There are two client machines, each client creates its own topic, each topic uses 1200 partitions. Each client starts 2400 threads, of these, 1200 threads simultaneously putMessage, the remaining 1200 threads simultaneously getMessage; for putMessage the size of each packet is 70K, in addition, there are some other fields that may cause the length to increase. Each thread transmits 2.1 data packets per second, therefore a single client end can simulate 2500 PutMessage requests per second; the rate for GetMessage requests is also 2500 per second, using the current c3srv-talos cluster's actual traffic. At the same time, when two client machines are activated and used to simulate doubled traffic, they replicate the state of the previous c3srv-talos cluster at the time of its system failure.

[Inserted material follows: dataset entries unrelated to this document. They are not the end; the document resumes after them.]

(* Let $p>0$, $M$ a positive integer and $Y\in\Upsilon^m_p\cap(\mathbb{C}^{M\times M})^m$. Then: (i) The map $X\mapsto K_p(X,Y)$, defined on $\Upsilon^m_p$ with values in $\coprod_N\mathbb{C}^{N\times N}\otimes\mathbb{C}^{M\times M}$, is a noncommutative function that belongs to $\overline{H^2_{m,p}}\otimes\mathbb{C}^{M\times M}$; that is, for all $e_1,e_2\in\mathbb{C}^M$ the function $e_1^\ast K_p(\cdot,Y)e_2: X\mapsto\sum_{w\in\mathcal{F}_m}p^{|w|}\,(e_1^\ast(Y^w)^\ast e_2)\,X^w$ belongs to $\overline{H^2_{m,p}}$. (ii) For all $e_1,e_2\in\mathbb{C}^M$ and all $f\in\overline{H^2_{m,p}}$, \[ \langle f,\,e_1^\ast K_p(\cdot,Y)e_2\rangle_{\ell^2_p(\mathcal{F}_m)}=e_2^\ast f(Y)e_1. \]
   Context: $\mathcal{F}_m$ is the free monoid on $\{1,\dots,m\}$, $\mathcal{F}_m^{[l]}$ the words of length $l$; for $X\in(\mathbb{C}^{N\times N})^m$, $X^w=X_{w_1}\cdots X_{w_t}$, $X^\emptyset=I_N$. For $p>0$, $\ell^2_p(\mathcal{F}_m)$ is the Hilbert space of complex sequences $\{f_w\}$ with $\sum_wp^{-|w|}|f_w|^2<\infty$, with inner product $\langle\{f_w\},\{g_w\}\rangle=\sum_wp^{-|w|}f_w\overline{g_w}$. $\Upsilon^m_p$ is the set of $X\in\coprod_N(\mathbb{C}^{N\times N})^m$ such that $\sum_{w\in\mathcal{F}_m}p^{|w|}(X^w)^\ast X^w$ converges. For $X,Y\in\Upsilon^m_p$ (with $X$ of size $N$, $Y$ of size $M$), $K_p(X,Y)=\sum_{l=0}^\infty\sum_{w\in\mathcal{F}_m^{[l]}}p^l\,X^w\otimes(Y^w)^\ast\in\mathbb{C}^{N\times N}\otimes\mathbb{C}^{M\times M}$ (the series converges). $\overline{H^2_{m,p}}$ is the space of noncommutative functions $f:\Upsilon^m_p\to\coprod_N\mathbb{C}^{N\times N}$ (mapping level $N$ to $\mathbb{C}^{N\times N}$, respecting direct sums and similarities) for which there is $\{f_w\}\in\ell^2_p(\mathcal{F}_m)$ with $f(X)=\sum_{l=0}^\infty\sum_{w\in\mathcal{F}_m^{[l]}}f_wX^w$ for all $X\in\Upsilon^m_p$; it is a Hilbert space with the inner product of $\ell^2_p(\mathcal{F}_m)$ applied to the coefficient sequences. For $e_1,e_2\in\mathbb{C}^M$ and a function $F$ with values in $\mathbb{C}^{N\times N}\otimes\mathbb{C}^{M\times M}$, $e_1^\ast Fe_2$ denotes $(I_N\otimes e_1^\ast)F(I_N\otimes e_2)$. *)

From HB Require Import structures.
From mathcomp Require Import all_boot all_order all_algebra.
From mathcomp Require Import all_classical all_reals all_analysis.
From mathcomp Require Export complex mxtens.
Import Order.TTheory GRing.Theory Num.Theory.
Import numFieldNormedType.Exports.

Set Implicit Arguments.
Unset Strict Implicit.
Unset Printing Implicit Defensive.

Local Open Scope ring_scope.
Local Open Scope classical_set_scope.

(* The complex numbers R[i] (R : realType) get their canonical normed
   (hence topological) structure as a numClosedFieldType, exactly as
   MathComp-Analysis does for an abstract numClosedFieldType. *)
HB.instance Definition _ (R : rcfType) := GRing.ComAlgebra.copy R[i] (R[i])^o.
HB.instance Definition _ (R : rcfType) := Vector.copy R[i] (R[i])^o.
HB.instance Definition _ (R : rcfType) := NormedModule.copy R[i] (R[i])^o.

Section Defs.
Variables (R : realType) (m : nat).
Local Notation C := R[i].
(* words of the free monoid F_m on {0,..,m-1} are  seq 'I_m ; |w| = size w *)

Definition rC (x : R) : C := Complex x 0.

Definition mxadj (a b : nat) (A : 'M[C]_(a, b)) : 'M[C]_(b, a) :=
  (map_mx Num.conj A)^T.

Definition wpow (N : nat) (X : 'I_m -> 'M[C]_N) (w : seq 'I_m) : 'M[C]_N :=
  foldr (fun i A => X i *m A) 1%:M w.

Definition lsum (V : zmodType) (l : nat) (F : seq 'I_m -> V) : V :=
  \sum_(w : l.-tuple 'I_m) F (tval w).

Definition psum (V : zmodType) (F : seq 'I_m -> V) (L : nat) : V :=
  \sum_(l < L) lsum l F.

Definition Upsilon (p : R) (N : nat) (X : 'I_m -> 'M[C]_N) : Prop :=
  exists S : 'M[C]_N,
    psum (fun w => rC (p ^+ size w) *: (mxadj (wpow X w) *m wpow X w)) @ \oo --> S.

Definition ell2 (p : R) (f : seq 'I_m -> C) : Prop :=
  exists s : C, psum (fun w => rC (p ^- size w) * `|f w| ^+ 2) @ \oo --> s.

(* <{f_w},{g_w}>_{l^2_p} = v  (the defining series converges to v) *)
Definition ip_to (p : R) (f g : seq 'I_m -> C) (v : C) : Prop :=
  psum (fun w => rC (p ^- size w) * f w * Num.conj (g w)) @ \oo --> v.

(* functions defined on coprod_N (C^{NxN})^m with values in coprod_N C^{NxN}
   (only their values on Upsilon^m_p matter) *)
Definition ncmap := forall N : nat, ('I_m -> 'M[C]_N) -> 'M[C]_N.

Definition dsum (N K : nat) (X : 'I_m -> 'M[C]_N) (Z : 'I_m -> 'M[C]_K)
  : 'I_m -> 'M[C]_(N + K) := fun i => block_mx (X i) 0 0 (Z i).

Definition simil (N : nat) (S : 'M[C]_N) (X : 'I_m -> 'M[C]_N) : 'I_m -> 'M[C]_N :=
  fun i => invmx S *m X i *m S.

Definition ncfun (p : R) (f : ncmap) : Prop :=
  (forall N K (X : 'I_m -> 'M[C]_N) (Z : 'I_m -> 'M[C]_K),
      Upsilon p X -> Upsilon p Z -> Upsilon p (dsum X Z) ->
      f (N + K)%N (dsum X Z) = block_mx (f N X) 0 0 (f K Z)) /\
  (forall N (X : 'I_m -> 'M[C]_N) (S : 'M[C]_N),
      S \in unitmx -> Upsilon p X -> Upsilon p (simil S X) ->
      f N (simil S X) = invmx S *m f N X *m S).

Definition coeffs (p : R) (c : seq 'I_m -> C) (f : ncmap) : Prop :=
  ell2 p c /\
  forall N (X : 'I_m -> 'M[C]_N), Upsilon p X ->
    psum (fun w => c w *: wpow X w) @ \oo --> f N X.

Definition H2 (p : R) (f : ncmap) : Prop :=
  ncfun p f /\ exists c, coeffs p c f.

We used version 2.1.5, version 2.1.6, version 2.1.6 (enhanced), then carried out separate comparative tests under the conditions of having one client end and two client ends; We separately used 2.1.5-1200, 2.1.6-1200, 2.1.6-new-1200, 2.1.5-2400, 2.1.6-2400, 2.1.6-new-2400 to express the test case.

Related Parameters

2.1.5: Numbers of putMessage, getMessage, transferPutMessage, and TransferGetMessage threads are all 200, the data limit arriving at a single machine client is 100; number of Jetty acceptor threads is 10, worker threads is 100.

2.1.6: Numbers of putMessage and getMessage threads are 200, transferPutMessage and transferGetMessage threads are 50. Since we have 4 machines, each process has a total of 150 threads, and there are 50 threads arriving at each single machine client; number of Jetty acceptor threads is 10, worker threads is 100.

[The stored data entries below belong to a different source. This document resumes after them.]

(* Let $n_0,n_1,n_\infty$ be integers with $1\le n_0\le n_1\le n_\infty$, $n=n_0+n_1+n_\infty$, and let $\mathcal{S}_{\mathrm{reg}}=\{(\xi,\eta)\in\mathbb{C}^2 : \eta^n=\xi^{n-n_0}(1-\xi)^{n-n_1}\}\setminus\{(0,0),(1,0)\}$ with the Riemannian metric $\Gamma=\frac{1}{\eta}\,d\xi\odot\frac{1}{\overline{\eta}}\,\overline{d\xi}$. Let $X$ be the holomorphic vector field on $\mathcal{S}_{\mathrm{reg}}$ given by $$X(\xi,\eta)=\eta\frac{\partial}{\partial\xi}+\frac{n-n_0}{n}\,\frac{\xi^{n-n_0-1}(1-\xi)^{n-n_1-1}\bigl(1-\frac{2n-n_0-n_1}{n-n_0}\xi\bigr)}{\eta^{n-2}}\frac{\partial}{\partial\eta}.$$ Then $X$ is the geodesic vector field for the flat Riemannian metric $\Gamma$ on $\mathcal{S}_{\mathrm{reg}}$, i.e. its (real-time) integral curves are geodesics of $(\mathcal{S}_{\mathrm{reg}},\Gamma)$.
   Context: $X$ is tangent to $\mathcal{S}_{\mathrm{reg}}$ at every point and nowhere vanishing. A holomorphic vector field is regarded as a real vector field on the underlying real surface in the usual way. *)

From Stdlib Require Import Reals.
From Coquelicot Require Import Coquelicot.
Open Scope R_scope.

Fixpoint Cpown (z : C) (k : nat) : C :=
  match k with O => RtoC 1 | S k' => Cmult z (Cpown z k') end.

(* A metric is given by its coefficient functions g i j (x0,x1),       *)
(* i,j in {0,1} (other indices unused).                               *)
Definition sum2 (f : nat -> R) : R := f 0%nat + f 1%nat.

Definition pd (l : nat) (f : R -> R -> R) (x y : R) : R :=
  match l with
  | O => Derive (fun s => f s y) x
  | _ => Derive (fun s => f x s) y
  end.

Definition gdet (g : nat -> nat -> R -> R -> R) (x y : R) : R :=
  g 0%nat 0%nat x y * g 1%nat 1%nat x y - g 0%nat 1%nat x y * g 1%nat 0%nat x y.

Definition ginv (g : nat -> nat -> R -> R -> R) (k l : nat) (x y : R) : R :=
  match k, l with
  | O, O => g 1%nat 1%nat x y / gdet g x y
  | O, _ => - g 0%nat 1%nat x y / gdet g x y
  | _, O => - g 1%nat 0%nat x y / gdet g x y
  | _, _ => g 0%nat 0%nat x y / gdet g x y
  end.

Definition christoffel (g : nat -> nat -> R -> R -> R) (k i j : nat) (x y : R) : R :=
  / 2 * sum2 (fun l => ginv g k l x y *
     (pd i (g j l) x y + pd j (g i l) x y - pd l (g i j) x y)).

Definition is_geodesic_chart (g : nat -> nat -> R -> R -> R)
    (c : nat -> R -> R) (a b : R) : Prop :=
  forall t, a < t < b ->
    (forall k, ex_derive (c k) t /\ ex_derive (Derive (c k)) t) /\
    (forall k, (k < 2)%nat ->
       Derive (Derive (c k)) t
       + sum2 (fun i => sum2 (fun j =>
           christoffel g k i j (c 0%nat t) (c 1%nat t)
           * Derive (c i) t * Derive (c j) t)) = 0).

Definition nsum (n0 n1 ninf : nat) : nat := (n0 + n1 + ninf)%nat.

Definition S_reg (n0 n1 ninf : nat) (p : C * C) : Prop :=
  let n := nsum n0 n1 ninf in
  let (xi, eta) := p in
  Cpown eta n = Cmult (Cpown xi (n - n0)) (Cpown (Cminus (RtoC 1) xi) (n - n1))
  /\ p <> (RtoC 0, RtoC 0) /\ p <> (RtoC 1, RtoC 0).

Definition X_xi (p : C * C) : C := snd p.

Definition X_eta (n0 n1 ninf : nat) (p : C * C) : C :=
  let n := nsum n0 n1 ninf in
  let (xi, eta) := p in
  Cdiv
    (Cmult (RtoC (INR (n - n0) / INR n))
      (Cmult (Cpown xi (n - n0 - 1))
        (Cmult (Cpown (Cminus (RtoC 1) xi) (n - n1 - 1))
          (Cminus (RtoC 1)
             (Cmult (RtoC (INR (2 * n - n0 - n1) / INR (n - n0))) xi)))))
    (Cpown eta (n - 2)).

(* The metric Gamma = (1/eta) dxi . (1/conj eta) conj(dxi) in the
   (everywhere valid, since eta <> 0 on S_reg) chart xi = x0 + i x1:
   Gamma = |eta|^{-2} (dx0^2 + dx1^2), and on S_reg
   |eta|^{-2} = |xi|^{-2(n-n0)/n} |1-xi|^{-2(n-n1)/n}. *)
Definition conf_factor (n0 n1 ninf : nat) (x y : R) : R :=
  let n := nsum n0 n1 ninf in
  Rpower (Cmod (x, y)) (- 2 * INR (n - n0) / INR n)
  * Rpower (Cmod (Cminus (RtoC 1) (x, y))) (- 2 * INR (n - n1) / INR n).

Definition Gamma_chart (n0 n1 ninf : nat) (i j : nat) (x y : R) : R :=
  if Nat.eqb i j then conf_factor n0 n1 ninf x y else 0.

Definition is_geodesic_S (n0 n1 ninf : nat) (gam : R -> C * C) (a b : R) : Prop :=
  (forall t, a < t < b -> S_reg n0 n1 ninf (gam t)) /\
  (forall t, a < t < b -> continuous (fun s => fst (gam s)) t
                         /\ continuous (fun s => snd (gam s)) t) /\
  is_geodesic_chart (Gamma_chart n0 n1 ninf)
    (fun k s => match k with O => Re (fst (gam s)) | _ => Im (fst (gam s)) end) a b.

2.1.6-new: Identical to 2.1.6, except that the number of Jetty worker threads is 300.

Statistical Data

Data Analysis

In a scenario where there are 1200 partitions

• Regarding the delay: 2.1.6 < 2.1.6-new < 2.1.5

• Regarding the queue wait time: 2.1.6 < 2.1.6-new << 2.1.5

With regards to the two improvements mentioned above, they're similar to situation 1, only the delay has a slight increase, but with regards to the queue wait time, in both the P99 and P999 dimensions there is a very obvious improvement, primarily because the cluster pressure is smaller.

As for how the capacities of 2.1.6-new differ from 2.1.6, mainly, the cluster pressure is not high, and an excessive number of threads can lead to a certain amount of waste.

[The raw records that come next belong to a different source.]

Lemma n_orth_dn u v : U u v -> dot (n u v) (nu u v) = 0 /\ dot (n u v) (nv u v) = 0.
Proof.
  intros Huv; destruct (open_dom_lines U u v U_open Huv) as (e & He & Hu & Hv).
  destruct (is_partials3_vderiv _ _ _ _ u v n_partials Huv) as [Du Dv].
  split.
  - apply (is_vderiv_unit_orth (fun s => n s v) u _ (u - e) (u + e)); [lra | | exact Du].
    intros s Hs; apply (proj2 n_gauss s v (Hu s Hs)).
  - apply (is_vderiv_unit_orth (fun s => n u s) v _ (v - e) (v + e)); [lra | | exact Dv].
    intros s Hs; apply (proj2 n_gauss u s (Hv s Hs)).
Qed.

Lemma n_orth_df u v : U u v -> dot (n u v) (fu u v) = 0 /\ dot (n u v) (fv u v) = 0.
Proof. intros Huv; exact (proj2 (proj2 n_gauss u v Huv) fu fv f_partials). Qed.

Lemma h_partials : is_dpartials U (fun u v => h u v)
  (fun u v => dot (g u v) (nu u v) * (1 - 2 * t * h u v))
  (fun u v => dot (g u v) (nv u v) * (1 - 2 * t * h u v)).
Proof.
  intros u v Huv.
  destruct (fh_partials_reflect u v Huv) as [Efu Efv].
  destruct (n_orth_dn u v Huv) as [Hnu Hnv], (n_orth_df u v Huv) as [Hfu Hfv].
  destruct (is_partials3_vderiv _ _ _ _ u v f_partials Huv) as [Dfu Dfv].
  destruct (is_partials3_vderiv _ _ _ _ u v fh_partials Huv) as [Dfhu Dfhv].
  destruct (is_partials3_vderiv _ _ _ _ u v n_partials Huv) as [Dnu Dnv].
  cbv beta; split.
  - rewrite <- (darboux_dot_normal_deriv t _ _ _ (fu u v) (g_neq0 u v Huv) Hnu Hfu), <- Efu.
    apply (derivable_pt_lim_dot (fun s => n s v) (fun s => g s v));
      [exact Dnu | apply is_vderiv_sub; assumption].
  - rewrite <- (darboux_dot_normal_deriv t _ _ _ (fv u v) (g_neq0 u v Huv) Hnv Hfv), <- Efv.
    apply (derivable_pt_lim_dot (fun s => n u s) (fun s => g u s));
      [exact Dnv | apply is_vderiv_sub; assumption].
Qed.

Lemma nh_partials : is_partials3 U nh
  (fun u v => vreflect_deriv (g u v) (vsub (fhu u v) (fu u v)) (n u v) (nu u v))
  (fun u v => vreflect_deriv (g u v) (vsub (fhv u v) (fv u v)) (n u v) (nv u v)).
Proof.
  apply vderiv_is_partials3; intros u v Huv.
  destruct (open_dom_lines U u v U_open Huv) as (e & He & Hu & Hv).
  destruct (is_partials3_vderiv _ _ _ _ u v f_partials Huv) as [Dfu Dfv].
  destruct (is_partials3_vderiv _ _ _ _ u v fh_partials Huv) as [Dfhu Dfhv].
  destruct (is_partials3_vderiv _ _ _ _ u v n_partials Huv) as [Dnu Dnv].
  split.
  - apply (is_vderiv_locally_ext (fun s => vreflect (g s v) (n s v))) with (u - e) (u + e);
      [lra | intros s Hs; symmetry; apply nh_reflect; auto |].
    apply (is_vderiv_reflect (fun s => g s v) (fun s => n s v));
      [apply is_vderiv_sub | | apply g_neq0]; assumption.
  - apply (is_vderiv_locally_ext (fun s => vreflect (g u s) (n u s))) with (v - e) (v + e);
      [lra | intros s Hs; symmetry; apply nh_reflect; auto |].
    apply (is_vderiv_reflect (fun s => g u s) (fun s => n u s));
      [apply is_vderiv_sub | | apply g_neq0]; assumption.
Qed.

Lemma dgauss_mul_eq0 u v : U u v ->
  (dot (nu u v) (nu u v) + dot (nv u v) (nv u v)) * (1 - 2 * t * h u v) = 0.
Proof.
  intros Huv.
  pose proof (minimal_normal_trace _ _ _ _ _ _ _ f_conformal f_minimal f_partials f_regular
                n_gauss n_partials u v Huv) as Htr.
  pose proof (minimal_normal_trace _ _ _ _ _ _ _ fh_conformal fh_minimal fh_partials
                fh_regular nh_gauss nh_partials u v Huv) as Htrh.
  destruct (fh_partials_reflect u v Huv) as [Efu Efv].
  destruct (n_orth_dn u v Huv) as [Hnu Hnv], (n_orth_df u v Huv) as [Hfu Hfv].
  cbv beta in Htrh; rewrite Efu, Efv, !darboux_dot_reflect_deriv in Htrh by auto using g_neq0.
  rewrite (dot_comm (fu u v)), (dot_comm (fv u v)) in Htrh.
  pose proof (dot_self_neq0 _ (g_neq0 u v Huv)) as HG.
  assert (Hcancel : 2 * t * h u v * (dot (nu u v) (fu u v) + dot (nv u v) (fv u v)) = 0)
    by (rewrite Htr; ring).
  apply (Rmult_eq_reg_l (t * dot (g u v) (g u v)));
    [|apply Rmult_integral_contrapositive; auto].
  lra.
Qed.

Lemma h_partials_eq0 u v : U u v ->
  dot (g u v) (nu u v) * (1 - 2 * t * h u v) = 0 /\
  dot (g u v) (nv u v) * (1 - 2 * t * h u v) = 0.
Proof.
  intros Huv; destruct (Req_dec (1 - 2 * t * h u v) 0) as [E|NE].
  - rewrite E; split; ring.
  - pose proof (dgauss_mul_eq0 u v Huv) as Hdn.
    pose proof (dot_self_ge0 (nu u v)); pose proof (dot_self_ge0 (nv u v)).
    assert (Hsum : dot (nu u v) (nu u v) + dot (nv u v) (nv u v) = 0).
    { destruct (Rmult_integral _ _ Hdn); [assumption | contradiction]. }
    rewrite (dot_self_eq0 (nu u v)), (dot_self_eq0 (nv u v)) by lra.
    unfold dot, zero3; simpl; split; ring.
Qed.

Lemma two_t_h_eq1 : connected_dom U ->
  (exists u0 v0, U u0 v0 /\ dot (nu u0 v0) (nu u0 v0) + dot (nv u0 v0) (nv u0 v0) <> 0) ->
  forall u v, U u v -> 2 * t * h u v = 1.
Proof.
  intros U_conn (u0 & v0 & Huv0 & Hdn0) u v Huv.
  assert (Hh0 : 1 - 2 * t * h u0 v0 = 0).
  { destruct (Rmult_integral _ _ (dgauss_mul_eq0 u0 v0 Huv0)); [contradiction | assumption]. }
  rewrite (connected_dom_const U _ _ _ U_open U_conn h_partials h_partials_eq0 u0 v0 u v
             Huv0 Huv).
  lra.
Qed.

End MinimalDarbouxTransform.

Theorem corollary3p3 (U : dom) (f fh n nh : R -> R -> V3) (t : R) :
  open_dom U -> connected_dom U ->
  t <> 0 ->
  immersion U f -> immersion U fh ->
  conformal U f -> conformal U fh ->
  minimal U f -> minimal U fh ->
  non_flat U f -> non_flat U fh ->
  darboux_pair U f fh ->
  gauss_map U f n ->
  (forall u v, U u v -> fh u v <> f u v) ->
  darboux_transform U f fh n t ->
  (forall u v, U u v ->
     im (nh u v) = qopp (qmul (qmul (qinv (im (vsub (fh u v) (f u v)))) (im (n u v)))
                              (im (vsub (fh u v) (f u v))))) ->
  gauss_map U fh nh ->
  exists c : V3, forall u v, U u v ->
    im (fh u v) = qadd (im (vadd (f u v) c))
                       (qscale (/ t) (qinv (qsub (im (nh u v)) (im (n u v))))).
Proof.
  intros U_open U_conn t_neq0 (_ & fu & fv & f_partials & f_regular)
    (_ & fhu & fhv & fh_partials & fh_regular) f_conformal fh_conformal f_minimal fh_minimal
    f_non_flat _ _ n_gauss fh_neq_f fh_darboux nh_def nh_gauss.
  destruct (smooth3_partials _ _ (proj1 n_gauss)) as (nu & nv & n_partials).
  assert (nh_reflect : forall u v, U u v -> nh u v = vreflect (vsub (fh u v) (f u v)) (n u v)).
  { intros u v Huv; apply im_inj; rewrite nh_def, im_conj_inv; auto using vsub_neq0. }
  pose proof (non_flat_dgauss_neq0 _ _ _ _ _ _ _ U_open f_partials f_regular n_gauss
                n_partials f_non_flat) as dn_neq0.
  pose proof (two_t_h_eq1 U f fh n nh fu fv fhu fhv nu nv t U_open t_neq0 f_partials
    fh_partials n_partials f_regular fh_regular f_conformal fh_conformal f_minimal fh_minimal
    n_gauss nh_gauss fh_neq_f fh_darboux nh_reflect U_conn dn_neq0) as h_eq.
  exists zero3; intros u v Huv.
  rewrite nh_reflect, qinv_vreflect_sub by auto using vsub_neq0.
  destruct (fh u v), (f u v); unfold im, qadd, vadd, vsub, zero3; simpl; f_equal; ring.
Qed.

In a scenario where there are 2400 partitions

• Regarding the delay: 2.1.6 < 2.1.6-new << 2.1.5

• Regarding the queue wait time: 2.1.6 < 2.1.6-new << 2.1.5

Special explanation:

• 2.1.5-2400-2: The complete test time for version 2.1.5 was 70 minutes. During the first 35 minutes the various statistical data was quite large, the client end timeouts were very serious, and the cluster was in an unusable state. During the second 35 minutes the situation improved, but the latency issues persisted; therefore a few statistics are displayed as "-20" in the image, to indicate that the value's initial value was extremely large, and for the purpose of the image, it is marked as a negative number.

• The problem from the previous tests where the HDFS operation took up a low proportion of the entire read/write operation, did not reoccur in this test.

Summary

When pressure is increased by 100%, the new version can successfully complete predetermined objectives, and does not encounter the service unavailable status; at the same time, due to optimization of the thread queue model, the long tail phenomenon when processing tasks from the thread pool has greatly improved, in accordance with our expectations.